Charlottesville AM radio stations:
- WKCI 970 News
- WINA 1070 News/Talk
- WCHV 1260 News/Talk
- WVCV 1340 Oldies
- WKAV 1400 Sports
Charlottesville's FM radio stations:
- WVTW 88.5 Public Radio
- WVTU 89.3 Public Radio
- WTJU 91.1 UVA jazz, classical, eclectic
- WUVA 92.7 Urban Contemporary
- WQMZ 95.1 Hot AC
- WWWV 97.5 Classic Rock
- WHTE 101.9 Top-40
- WSUH 102.3 Classic Hits
- WCJZ 107.5 Smooth Jazz
Charlottesville's local television stations:
- WCAV CBS
- WVIR NBC
- WHTJ/WCVE PBS
- WAHU FOX
- WVAW ABC
Newspapers serving Charlottesville include:
- Cavalier Daily, the UVA student-run paper.
- C-Ville Weekly, an independent paper with a focus on local music.
- Daily Progress, a Media General daily newspaper.
- The Hook, an independent weekly noted for investigative features.
DID YOU KNOW?
- Charlottesville was home to three of the first five presidents of the United States: Thomas Jefferson, James Madison and James Monroe.
- For insurance purposes, Thomas Jefferson in 1800 estimated the value of Monticello and its outbuildings at $6,300.
- Charlottesville was named in honor of Princess Charlotte, who became queen of England when she married King George III in 1761.
- Edgar Allan Poe attended the University of Virginia in 1826. It's possible he mingled with Thomas Jefferson, who often dined with students.
- The Charlottesville area has its share of celebrities, including actress Sissy Spacek, former football player Howie Long, author John Grisham and former poet laureate Rita Dove.
- In 2004, Frommer's declared Charlottesville the No. 1 City in America because of its low unemployment and crime rates, good health care, temperate climate and cultural amenities.
- Many of the area's names refer to its colonial-era past.

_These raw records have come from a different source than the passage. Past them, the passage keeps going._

Section AmplitudeIso.
Variables (C : precat) (z : C).
Hypothesis zero_z : is_zero_obj z.

Lemma retraction_mono (a b : C) (f : chom a b) (g : chom b a) :
  ccomp g f = Defs.cid a -> is_mono f.
Proof. by move=> gf x u v fufv; rewrite -(ccomp1l u) -(ccomp1l v) -gf -!ccompA fufv. Qed.

Lemma iso_short_exact (a b : C) (f : chom a b) (g : chom b a) :
  ccomp g f = Defs.cid a -> ccomp f g = Defs.cid b -> short_exact f (0 : chom b z).
Proof.
move=> gf fg; split; first exact: retraction_mono gf.
  by move=> x u v _; apply: zero_z.2.
split=> [|x h _]; first exact: zero_z.1.
exists (ccomp g h); split=> [|u fuh]; first by rewrite ccompA fg ccomp1l.
by apply: retraction_mono gf _ _ _ _; rewrite fuh ccompA fg ccomp1l.
Qed.

Lemma amplitude_iso (R : realType) (alpha : C -> \bar R) (a b : C)
    (f : chom a b) (g : chom b a) :
  amplitude alpha -> ccomp g f = Defs.cid a -> ccomp f g = Defs.cid b -> alpha a = alpha b.
Proof.
case=> _ _ ampl gf fg.
have [le_ab _ _] := ampl _ _ _ _ _ (iso_short_exact gf fg).
have [le_ba _ _] := ampl _ _ _ _ _ (iso_short_exact fg gf).
by apply/le_anti; rewrite le_ab le_ba.
Qed.

End AmplitudeIso.

Section IndicatorModule.
Variables (K : fieldType) (d : Order.disp_t) (T : porderType d).
Variables (f : T -> bool) (hf : monotone_map f).

Definition indicator_obj (q : T) : vectType K := 'rV[K]_(f q).

(* The structure map k^(f p) -> k^(f q) is the identity when f p = f q and zero otherwise. *)
Definition indicator_map (p q : T) (_ : (p <= q)%O) :
    'Hom(indicator_obj p, indicator_obj q) :=
  linfun (mulmxr (pid_mx (f p) : 'M[K]_(f p, f q))).

Lemma indicator_map_id (p : T) (h : (p <= p)%O) : indicator_map h = \1%VF.
Proof. by apply/lfunP => v; rewrite lfunE id_lfunE /= pid_mx_1 mulmx1. Qed.

Lemma indicator_map_comp (p q r : T) (hpq : (p <= q)%O) (hqr : (q <= r)%O)
    (hpr : (p <= r)%O) :
  indicator_map hpr = (indicator_map hqr \o indicator_map hpq)%VF.
Proof.
apply/lfunP => v; rewrite comp_lfunE !lfunE /= -mulmxA mul_pid_mx.
suff -> : minn (f q) (minn (f p) (f q)) = f p by [].
by have := hf hpq; case: (f p); case: (f q).
Qed.

Definition indicator_pmod : pmod K T :=
  PMod indicator_map_id indicator_map_comp.

Lemma hilbert_indicator_pmod (R : realType) (q : T) :
  hilbert R indicator_pmod q = (f q)%:R%:E.
Proof. by rewrite /hilbert dimvf /= dim_matrix mul1r. Qed.

Lemma hilbert_indicator_pmod_preimage1 (R : realType) :
  hilbert R indicator_pmod @^-1` [set 1%E] = f @^-1` [set true].
Proof.
apply/seteqP; split => q /=; rewrite hilbert_indicator_pmod; last by move=> ->.
by case: (f q) => // /eqP; rewrite eqe pnatr_eq1.
Qed.

End IndicatorModule.

Lemma pmod_iso_refl (K : fieldType) (d : Order.disp_t) (Q : porderType d) (M : pmod K Q) :
  pmod_iso M M.
Proof.
exists (fun q => \1%VF), (fun q => \1%VF).
by split=> [q|q|p q h]; rewrite ?comp_lfun1l ?comp_lfun1r.
Qed.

Barracks, now a road and shopping center, was once a camp that housed British and German prisoners during the Revolutionary War.
- Charlottesville's Downtown Mall on East Main was "Three Notch'd Road" when the town officially became a city in 1888.

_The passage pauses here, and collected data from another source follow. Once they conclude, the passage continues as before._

Lemma bil_unit_rescale x : x != 0 ->
  exists2 y, sq y = 1 & forall S, bil S x x = sq x * bil S y y.
Proof.
move=> x0; have sqx_gt0 := sq_gt0 _ x0.
pose c : R := (Num.sqrt (sq x))^-1.
have c2 : c * c * sq x = 1.
  by rewrite -expr2 exprVn sqr_sqrtr ?mulVf ?gt_eqF // ltW.
exists (c *: x); first by rewrite bilZl bilZr mulrA.
move=> S; rewrite bilZl bilZr.
by transitivity ((c * c * sq x) * bil S x x); [rewrite c2 mul1r | ring].
Qed.

Definition rayleigh S := [set bil S x x | x in [set x | sq x = 1]].

Lemma rayleigh_lbound S : has_lbound (rayleigh S).
Proof.
exists (- (1 + frob S)) => _ [x /= x1 <-].
have := dot_CauchySchwarz x (S *m x); have := sq_mulmx_le S x.
rewrite -(bil_dot S x x) x1 mulr1 mul1r => le_frob le_sq.
have := frob_ge0 S; nra.
Qed.

Lemma inf_rayleigh_le S x : inf (rayleigh S) * sq x <= bil S x x.
Proof.
have [->|x0] := eqVneq x 0; first by rewrite !bil0l mulr0.
have [y y1 xy] := bil_unit_rescale _ x0; rewrite (xy S) mulrC ler_pM2l ?sq_gt0 //.
by apply: ge_inf; [exact: rayleigh_lbound | exists y].
Qed.

End BilinearForm.

Section Spectrum.
Context {R : realType} {n : nat}.
Implicit Types (S : 'M[R]_n.+1) (x : 'cV[R]_n.+1).

Local Notation sq x := (bil 1%:M x x).

Lemma inf_rayleigh_eigenvalue S : S^T = S -> eigenvalue S (inf (rayleigh S)).
Proof.
(* [S - m%:M] is positive semidefinite with arbitrarily small Rayleigh values *)
move=> symS; set m := inf _; apply: eigenvalue_det0.
pose e0 : 'cV[R]_n.+1 := delta_mx 0 0.
have ray0 : rayleigh S (bil S e0 e0).
  by exists e0 => //=; rewrite bil_delta mul1mx mxE !eqxx.
apply: psd_singular => [|x|e e_gt0].
- by rewrite linearB /= tr_scalar_mx symS.
- by rewrite bil_subscalar subr_ge0 inf_rayleigh_le.
have [_ [x /= x1 <-] xe] : exists2 r, rayleigh S r & r < m + e.
  by apply: inf_adherent => //; split; [exists (bil S e0 e0) | exact: rayleigh_lbound].
by exists x => //; rewrite bil_subscalar x1 mulr1 ltrBlDl.
Qed.

Lemma lambda_minE S : S^T = S -> lambda_min S = inf (rayleigh S).
Proof.
move=> symS; set m := inf (rayleigh S).
have eig_m : eigenvalue S m := inf_rayleigh_eigenvalue S symS.
have lb_m : lbound [set a | eigenvalue S a] m.
  move=> mu eig_mu; have [x x0 xmu] := eigenvalue_rayleigh S mu symS eig_mu.
  by have := inf_rayleigh_le S x; rewrite xmu ler_pM2r //; exact: sq_gt0.
apply/eqP; rewrite eq_le; apply/andP; split; first exact: (ge_inf (ex_intro _ m lb_m)).
by apply: lb_le_inf => //; exists m.
Qed.

Lemma lambda_min_le S x : S^T = S -> lambda_min S * sq x <= bil S x x.
Proof. by move=> symS; rewrite lambda_minE // inf_rayleigh_le. Qed.

Lemma lambda_maxE S : lambda_max S = - lambda_min (- S).
Proof.
rewrite /lambda_min /inf opprK /lambda_max; congr sup.
apply/seteqP; split => [a eig_a|_ [b eig_b <-]] /=.
  by exists (- a); rewrite ?opprK //= eigenvalueN.
by rewrite -eigenvalueN opprK.
Qed.

Lemma le_lambda_max S x : S^T = S -> bil S x x <= lambda_max S * sq x.
Proof.
move=> symS; rewrite lambda_maxE mulNr lerNr -bilNm lambda_min_le //.
by rewrite linearN /= symS.
Qed.

Lemma lambda_min_gt0 S : sym_posdef S -> 0 < lambda_min S.
Proof.
move=> [symS posS]; rewrite lambda_minE //.
have [x x0 xm] := eigenvalue_rayleigh _ _ symS (inf_rayleigh_eigenvalue _ symS).
by have := posS x x0; rewrite bilE xm pmulr_lgt0 //; exact: sq_gt0.
Qed.

Lemma lambda_max_gt0 S : sym_posdef S -> 0 < lambda_max S.
Proof.
move=> [symS posS]; pose e0 : 'cV[R]_n.+1 := delta_mx 0 0.
have e1 : sq e0 = 1 by rewrite bil_delta mul1mx mxE !eqxx.
have e0_neq0 : e0 != 0.
  by apply/eqP => e00; move: e1; rewrite e00 bil0l => /eqP; rewrite eq_sym oner_eq0.
have := le_lambda_max S e0 symS; rewrite e1 mulr1; apply: lt_le_trans.
by rewrite -bilE posS.
Qed.

End Spectrum.

Lemma sup_ge0 {R : realType} (E : set R) : (forall x, E x -> 0 <= x) -> 0 <= sup E.
Proof.
move=> E_ge0; have [supE|/sup_out ->] := pselect (has_sup E); last exact: lexx.
have [x Ex] := supE.1; apply: le_trans (E_ge0 x Ex) _; exact: sup_upper_bound.
Qed.

Section Norms.
Context {R : realType} {n : nat}.
Implicit Types (B Q : 'M[R]_n) (u v x y : 'cV[R]_n).

Local Notation sq x := (bil 1%:M x x).

Lemma vnormE x : vnorm x = Num.sqrt (sq x).
Proof.
by rewrite /vnorm bil1; congr Num.sqrt; apply: eq_bigr => i _; rewrite expr2.
Qed.

Lemma vnorm_ge0 x : 0 <= vnorm x.
Proof. by rewrite vnormE sqrtr_ge0. Qed.

Lemma vnormZ c x : vnorm (c *: x) = `|c| * vnorm x.
Proof. by rewrite !vnormE bilZl bilZr mulrA -expr2 sqrtrM ?sqr_ge0 // sqrtr_sqr. Qed.

Lemma vnorm_mulmx_frob B x : vnorm (B *m x) <= Num.sqrt (frob B) * vnorm x.
Proof.
rewrite !vnormE -sqrtrM ?frob_ge0 // ler_sqrt ?sq_mulmx_le //.
by rewrite mulr_ge0 ?frob_ge0 ?sq_ge0.
Qed.

Lemma mnorm_ge0 B : 0 <= mnorm B.
Proof. by apply: sup_ge0 => _ [y _ <-]; exact: vnorm_ge0. Qed.

Lemma vnorm_mulmx_le B x : vnorm (B *m x) <= mnorm B * vnorm x.
Proof.
have [->|x0] := eqVneq x 0; first by rewrite mulmx0 !vnormE !bil0l sqrtr0 mulr0.
have x_gt0 : 0 < vnorm x by rewrite vnormE sqrtr_gt0 sq_gt0.
pose y := (vnorm x)^-1 *: x.
have y1 : vnorm y = 1 by rewrite vnormZ gtr0_norm ?invr_gt0 // mulVf ?gt_eqF.
have le_mnorm : vnorm (B *m y) <= mnorm B.
  apply: sup_upper_bound; last by exists y.
  split; first by exists (vnorm (B *m y)), y.
  exists (Num.sqrt (frob B)) => _ [z z1 <-].
  by have := vnorm_mulmx_frob B z; rewrite z1 mulr1.
have -> : B *m x = vnorm x *: (B *m y).
  by rewrite -scalemxAr scalerA divff ?gt_eqF // scale1r.
by rewrite vnormZ gtr0_norm // mulrC; apply: ler_wpM2r => //; exact: ltW.
Qed.

Lemma entry_le_mnorm B i j : `|B i j| <= mnorm B.
Proof.
pose ej : 'cV[R]_n := delta_mx j 0.
have ej1 : vnorm ej = 1 by rewrite vnormE bil_delta mul1mx mxE !eqxx sqrtr1.
have -> : B i j = (B *m ej) i 0 by rewrite /ej -colE mxE.
apply: le_trans (_ : _ <= vnorm (B *m ej)) _.
  rewrite vnormE -sqrtr_sqr ler_sqrt ?sq_ge0 // bil1 (bigD1 i) //= -expr2.
  by rewrite lerDl sumr_ge0 // => k _; rewrite -expr2 sqr_ge0.
by apply: le_trans (vnorm_mulmx_le B ej) _; rewrite ej1 mulr1.
Qed.

Lemma posdef_bil_ge0 Q x : sym_posdef Q -> 0 <= bil Q x x.
Proof.
move=> [_ posQ]; have [->|x0] := eqVneq x 0; first by rewrite bil0l.
by rewrite -bilE ltW // posQ.
Qed.

Lemma qvnormE Q x : qvnorm Q x = Num.sqrt (bil Q x x).
Proof. by rewrite /qvnorm bilE. Qed.

Lemma qvnorm_ge0 Q x : 0 <= qvnorm Q x.
Proof. by rewrite qvnormE sqrtr_ge0. Qed.

Lemma qvnorm_sqr Q x : sym_posdef Q -> qvnorm Q x ^+ 2 = bil Q x x.
Proof. by move=> posQ; rewrite qvnormE sqr_sqrtr // posdef_bil_ge0. Qed.

Lemma qvnorm0 Q : qvnorm Q 0 = 0.
Proof. by rewrite qvnormE bil0l sqrtr0. Qed.

Lemma qvnormZ Q c x : qvnorm Q (c *: x) = `|c| * qvnorm Q x.
Proof. by rewrite !qvnormE bilZl bilZr mulrA -expr2 sqrtrM ?sqr_ge0 // sqrtr_sqr. Qed.

Lemma qvnormN Q x : qvnorm Q (- x) = qvnorm Q x.
Proof. by rewrite -scaleN1r qvnormZ normrN normr1 mul1r. Qed.

Lemma bil_le_qvnorm Q u v : sym_posdef Q -> bil Q u v <= qvnorm Q u * qvnorm Q v.
Proof.
move=> posQ; have [symQ _] := posQ.
rewrite !qvnormE -sqrtrM ?posdef_bil_ge0 //.
apply: le_trans (ler_norm _) _.
rewrite -sqrtr_sqr ler_sqrt ?mulr_ge0 ?posdef_bil_ge0 //.
by apply: bil_CauchySchwarz => // x; exact: posdef_bil_ge0.
Qed.

Lemma qvnormD Q u v : sym_posdef Q -> qvnorm Q (u + v) <= qvnorm Q u + qvnorm Q v.
Proof.
move=> posQ; have [symQ _] := posQ.
rewrite -ler_sqr ?nnegrE ?addr_ge0 ?qvnorm_ge0 // !qvnorm_sqr //.
rewrite bilDl !bilDr (bilC _ v u) // -!qvnorm_sqr //.
have := bil_le_qvnorm Q u v posQ; lra.
Qed.

Lemma qmnorm_le Q B c : 0 <= c ->
  (forall y, qvnorm Q (B *m y) <= c * qvnorm Q y) -> qmnorm Q B <= c.
Proof.
move=> c_ge0 leB; have [[r Er]|E0] := pselect ([set qvnorm Q (B *m y) | y in
    [set y | qvnorm Q y = 1]] !=set0); last first.
  rewrite /qmnorm (_ : [set _ | _ in _] = set0) ?sup0 //.
  by apply/eqP/negPn/negP => /set0P /E0.
by apply: ge_sup; [exists r | move=> _ [y y1 <-]; have := leB y; rewrite y1 mulr1].
Qed.

End Norms.

Lemma qvnorm_mulmx_le {R : realType} {n : nat} (Q B : 'M[R]_n.+1) x :
  sym_posdef Q -> qvnorm Q (B *m x) <= Num.sqrt (kappa_Q Q) * mnorm B * qvnorm Q x.
Proof.
move=> posQ; have [symQ _] := posQ.
have lmin_gt0 := lambda_min_gt0 Q posQ; have lmin_ge0 := ltW lmin_gt0.
have lmax_ge0 := ltW (lambda_max_gt0 Q posQ).
have upper : qvnorm Q (B *m x) <= Num.sqrt (lambda_max Q) * vnorm (B *m x).
  rewrite qvnormE vnormE -sqrtrM // ler_sqrt ?mulr_ge0 ?sq_ge0 //.
  exact: le_lambda_max.
have lower : Num.sqrt (lambda_min Q) * vnorm x <= qvnorm Q x.
  rewrite qvnormE vnormE -sqrtrM // ler_sqrt ?posdef_bil_ge0 //.
  exact: lambda_min_le.
apply: (le_trans upper); rewrite /kappa_Q sqrtrM // sqrtrV //.
rewrite -!mulrA; apply: ler_wpM2l; first exact: sqrtr_ge0.
apply: le_trans (vnorm_mulmx_le B x) _; rewrite mulrCA.
by apply: ler_wpM2l; [exact: mnorm_ge0 | rewrite ler_pdivlMl ?sqrtr_gt0].
Qed.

- According to Virginia law, you may not engage in business on Sundays; however, the law makes exceptions for nearly every industry.

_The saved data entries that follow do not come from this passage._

(* Consider the continuous-time partial duplication graph $(\Gamma_t)_{t\geq0}$ with parameter $p\in(0,1]$, started from a fixed connected graph $\Gamma_0$ with $n_0>1$ vertices, with the tracked vertex process $(V_t)_{t\geq0}$ and the uniform vertex process $(U_t)_{t\geq0}$ defined below. For every $\varepsilon>0$ there exists $v_\varepsilon$ such that for all vertex labels $v\geq v_\varepsilon$ and all $t>0$, $$1\leq\frac{\mathbb P(V_t=v)}{\mathbb P(U_t=v)}\leq 1+\varepsilon.$$
   Context: Continuous-time model: each vertex duplicates at the times of an independent rate-$1$ Poisson process; when vertex $u$ duplicates, a new vertex is added and joined to each current neighbour of $u$ independently with probability $p$ (and to nothing else). Vertices of $\Gamma_0$ are labelled $1,\dots,n_0$ and later vertices are labelled $n_0+1,n_0+2,\dots$ in order of arrival; $N_t$ is the number of vertices at time $t$. Tracked vertex: $V_0$ is uniform on the vertices of $\Gamma_0$, and $V$ jumps at time $t$ exactly when the vertex $V_{t-}$ duplicates, moving to the newly created vertex. Uniform vertex process: $U_0$ is uniform on the vertices of $\Gamma_0$, and each time a vertex is added, $U$ moves to a vertex chosen uniformly at random from the vertices of the new graph, so that $\mathbb P(U_t=v\mid N_t=n)=1/n$ for $v\leq n$. *)

From Stdlib Require Import Reals Relations.
From Coquelicot Require Import Coquelicot.
Open Scope R_scope.

Definition simple_graph (n0 : nat) (adj : nat -> nat -> Prop) : Prop :=
  (forall u v, adj u v -> (1 <= u <= n0)%nat /\ (1 <= v <= n0)%nat) /\
  (forall u v, adj u v -> adj v u) /\
  (forall u, ~ adj u u).

Definition graph_connected (n0 : nat) (adj : nat -> nat -> Prop) : Prop :=
  forall u v, (1 <= u <= n0)%nat -> (1 <= v <= n0)%nat ->
    clos_refl_trans nat adj u v.

(* The continuous-time process, built as a jump chain + holding times.  *)
(* After k jumps (duplication events) there are n0+k vertices; every    *)
(* vertex duplicates at rate 1, so the total jump rate is n0+k, and the *)
(* duplicating vertex is uniform among the n0+k current vertices.       *)
(* Edges never influence the vertex labels, N_t, V_t or U_t.            *)

(* q n0 k v = P(tracked vertex has label v after k jumps). *)
Fixpoint tracked_jump (n0 k v : nat) : R :=
  match k with
  | O => if andb (Nat.leb 1 v) (Nat.leb v n0) then / INR n0 else 0
  | S k' =>
      let n := (n0 + k')%nat in
      if Nat.leb v n then
        (* the duplicating vertex is not V (prob 1 - 1/n): V stays *)
        tracked_jump n0 k' v * (1 - / INR n)
      else if Nat.eqb v (S n) then
        (* the duplicating vertex is V (prob 1/n): V moves to new vertex n+1 *)
        sum_f_R0 (fun u => tracked_jump n0 k' u * / INR n) n
      else 0
  end.

Definition uniform_jump (n0 k v : nat) : R :=
  if andb (Nat.leb 1 v) (Nat.leb v (n0 + k)) then / INR (n0 + k) else 0.

Definition jump_rate (n0 k : nat) : R := INR (n0 + k).

(* jump_cdf n0 k t = P(T_k <= t), where T_k = E_0 + ... + E_{k-1} is the
   time of the k-th jump, with E_j ~ Exp(n0 + j) independent.
   Defined by convolution: T_{k+1} = T_k + E_k. *)
Fixpoint jump_cdf (n0 k : nat) (t : R) : R :=
  match k with
  | O => if Rle_dec 0 t then 1 else 0
  | S k' =>
      if Rle_dec 0 t then
        RInt (fun s => jump_rate n0 k' * exp (- (jump_rate n0 k' * s))
                       * jump_cdf n0 k' (t - s)) 0 t
      else 0
  end.

(* P(exactly k jumps by time t) = P(T_k <= t < T_{k+1}). *)
Definition njumps_prob (n0 k : nat) (t : R) : R :=
  jump_cdf n0 k t - jump_cdf n0 (S k) t.

Definition PV (n0 : nat) (t : R) (v : nat) : R :=
  Series (fun k => tracked_jump n0 k v * njumps_prob n0 k t).

Definition PU (n0 : nat) (t : R) (v : nat) : R :=
  Series (fun k => uniform_jump n0 k v * njumps_prob n0 k t).

From Stdlib Require Import Reals Relations Lia Lra.
From Coquelicot Require Import Coquelicot.
Open Scope R_scope.

(* Condition on the number k of duplications up to time t: P(V_t = v) and P(U_t = v) are
   mixtures over k with the same weights P(k jumps by time t).  A label v > n0 is created
   at jump v - n0; the tracked vertex moves there with probability 1/(v-1) and afterwards
   stays with probability 1 - 1/m at a jump from m vertices, so after k jumps it sits at v
   with probability 1/(n0+k-1), against 1/(n0+k) for the uniform vertex.  The termwise
   ratio (n0+k)/(n0+k-1) lies in [1, v/(v-1)], hence so does the ratio of the mixtures.
   The analytic work only shows that the weights, defined by the convolution recursion
   for the jump times, are positive and summable. *)

Lemma tracked_jump_0 n0 v : tracked_jump n0 0 v =
  if andb (Nat.leb 1 v) (Nat.leb v n0) then / INR n0 else 0.
Proof. reflexivity. Qed.

Lemma tracked_jump_S n0 k v : tracked_jump n0 (S k) v =
  if Nat.leb v (n0 + k) then tracked_jump n0 k v * (1 - / INR (n0 + k))
  else if Nat.eqb v (S (n0 + k)) then
    sum_f_R0 (fun u => tracked_jump n0 k u * / INR (n0 + k)) (n0 + k)
  else 0.
Proof. reflexivity. Qed.

Lemma tracked_jump_beyond n0 k v : (n0 + k < v)%nat -> tracked_jump n0 k v = 0.
Proof.
  intros Hv. destruct k as [|k].
  - rewrite tracked_jump_0, (proj2 (Nat.leb_gt v n0)) by lia.
    now rewrite Bool.andb_false_r.
  - rewrite tracked_jump_S, (proj2 (Nat.leb_gt v (n0 + k))) by lia.
    now rewrite (proj2 (Nat.eqb_neq v (S (n0 + k)))) by lia.
Qed.

Lemma sum_tracked_jump_0 n0 m : (m <= n0)%nat ->
  sum_f_R0 (tracked_jump n0 0) m = INR m / INR n0.
Proof.
  induction m as [|m IH]; intros Hm.
  - simpl. unfold Rdiv. ring.
  - rewrite tech5, IH, tracked_jump_0 by lia.
    rewrite (proj2 (Nat.leb_le 1 (S m))), (proj2 (Nat.leb_le (S m) n0)) by lia.
    rewrite S_INR. simpl. unfold Rdiv. ring.
Qed.

Lemma sum_tracked_jump n0 k : (1 <= n0)%nat ->
  sum_f_R0 (tracked_jump n0 k) (n0 + k) = 1.
Proof.
  intros Hn0. induction k as [|k IH].
  - rewrite Nat.add_0_r, sum_tracked_jump_0 by lia.
    field. apply not_0_INR. lia.
  - assert (Hm : INR (n0 + k) <> 0) by (apply not_0_INR; lia).
    rewrite Nat.add_succ_r, tech5.
    rewrite (sum_eq _ (fun u => tracked_jump n0 k u * (1 - / INR (n0 + k)))).
    2: { intros u Hu. rewrite tracked_jump_S.
         now rewrite (proj2 (Nat.leb_le u (n0 + k))) by lia. }
    rewrite tracked_jump_S, (proj2 (Nat.leb_gt (S (n0 + k)) (n0 + k))) by lia.
    rewrite Nat.eqb_refl, <- !scal_sum, IH.
    field. exact Hm.
Qed.

Lemma tracked_jump_new_vertex n0 k v : (1 <= n0)%nat -> (n0 < v <= n0 + k)%nat ->
  tracked_jump n0 k v = / (INR (n0 + k) - 1).
Proof.
  intros Hn0. induction k as [|k IH]; intros Hv; [lia|].
  assert (Hm : 1 <= INR (n0 + k)) by (apply (le_INR 1); lia).
  rewrite Nat.add_succ_r, S_INR, tracked_jump_S.
  destruct (Nat.leb_spec v (n0 + k)) as [Hle|Hgt].
  - assert (Hm2 : 2 <= INR (n0 + k)) by (apply (le_INR 2); lia).
    rewrite IH by lia. field. lra.
  - rewrite (proj2 (Nat.eqb_eq v (S (n0 + k)))) by lia.
    rewrite <- scal_sum, sum_tracked_jump by exact Hn0.
    field. lra.
Qed.

Lemma uniform_jump_in n0 k v : (1 <= v <= n0 + k)%nat ->
  uniform_jump n0 k v = / INR (n0 + k).
Proof.
  intros Hv. unfold uniform_jump.
  now rewrite (proj2 (Nat.leb_le 1 v)), (proj2 (Nat.leb_le v (n0 + k))) by lia.
Qed.

Lemma uniform_jump_out n0 k v : (n0 + k < v)%nat -> uniform_jump n0 k v = 0.
Proof.
  intros Hv. unfold uniform_jump.
  now rewrite (proj2 (Nat.leb_gt v (n0 + k))), Bool.andb_false_r by lia.
Qed.

Lemma uniform_jump_bounds n0 k v : (1 <= n0)%nat -> 0 <= uniform_jump n0 k v <= 1.
Proof.
  intros Hn0. unfold uniform_jump.
  destruct (andb _ _); [|lra].
  assert (Hm : 1 <= INR (n0 + k)) by (apply (le_INR 1); lia).
  split; [apply Rlt_le, Rinv_0_lt_compat; lra|].
  rewrite <- Rinv_1. apply Rinv_le_contravar; lra.
Qed.

Lemma tracked_jump_uniform_ratio n0 k v : (1 <= n0)%nat -> (n0 < v)%nat ->
  uniform_jump n0 k v <= tracked_jump n0 k v <= (1 + / (INR v - 1)) * uniform_jump n0 k v.
Proof.
  intros Hn0 Hv. destruct (Nat.leb_spec v (n0 + k)) as [Hle|Hgt].
  - rewrite uniform_jump_in, tracked_jump_new_vertex by lia.
    assert (Hvm : INR v <= INR (n0 + k)) by (apply le_INR; lia).
    assert (Hv2 : 2 <= INR v) by (apply (le_INR 2); lia).
    set (m := INR (n0 + k)) in *. set (x := INR v) in *.
    split; [apply Rinv_le_contravar; lra|].
    assert (Hgap : (1 + / (x - 1)) * / m - / (m - 1) = (m - x) / ((x - 1) * m * (m - 1)))
      by (field; lra).
    assert (0 <= (m - x) / ((x - 1) * m * (m - 1))).
    { apply Rdiv_le_0_compat; [lra|].
      repeat apply Rmult_lt_0_compat; lra. }
    lra.
  - rewrite uniform_jump_out, tracked_jump_beyond by lia. lra.
Qed.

- In Virginia, no animal may be hunted on Sunday with the exception of raccoons, which may be hunted until 2 a.m.
- In 1962, police radar detectors became illegal in Virginia.
- Ash Lawn-Highland, the home of former President James Monroe and his wife, Elizabeth, is now a historical museum, 535-acre working farm and performing arts site.
- The land of Jefferson Vineyards was a vineyard in Jefferson's day as well. Jefferson invested in a vineyard headed up by Italian winemaker Fillipo Mazzei.
- In the late 18th century, Charlottesville's courthouse served as a community center, house of worship and nucleus for political life.
- Newspaper accounts from June 10, 1902, asserted that there were more than 100 unmarked Confederate graves in Maplewood Cemetery.
- There are no formal paths, walkways or streets at Maplewood Cemetery, unlike most garden cemeteries today. Stones and gravesites are laid out irregularly throughout the property.
- During the Civil War, Charlottesville provided the Confederate war effort with swords, uniforms, artificial limbs and a 500-bed military hospital.
- The Charlottesville Manufacturing Co. produced uniforms during the Civil War designed especially for the Albemarle Light Horse Cavalry, including jackets for $2.75 and pants for $1.50.
- Pulitzer and Nobel Prize winner William Faulkner became the first writer-in-residence at the University of Virginia in 1957.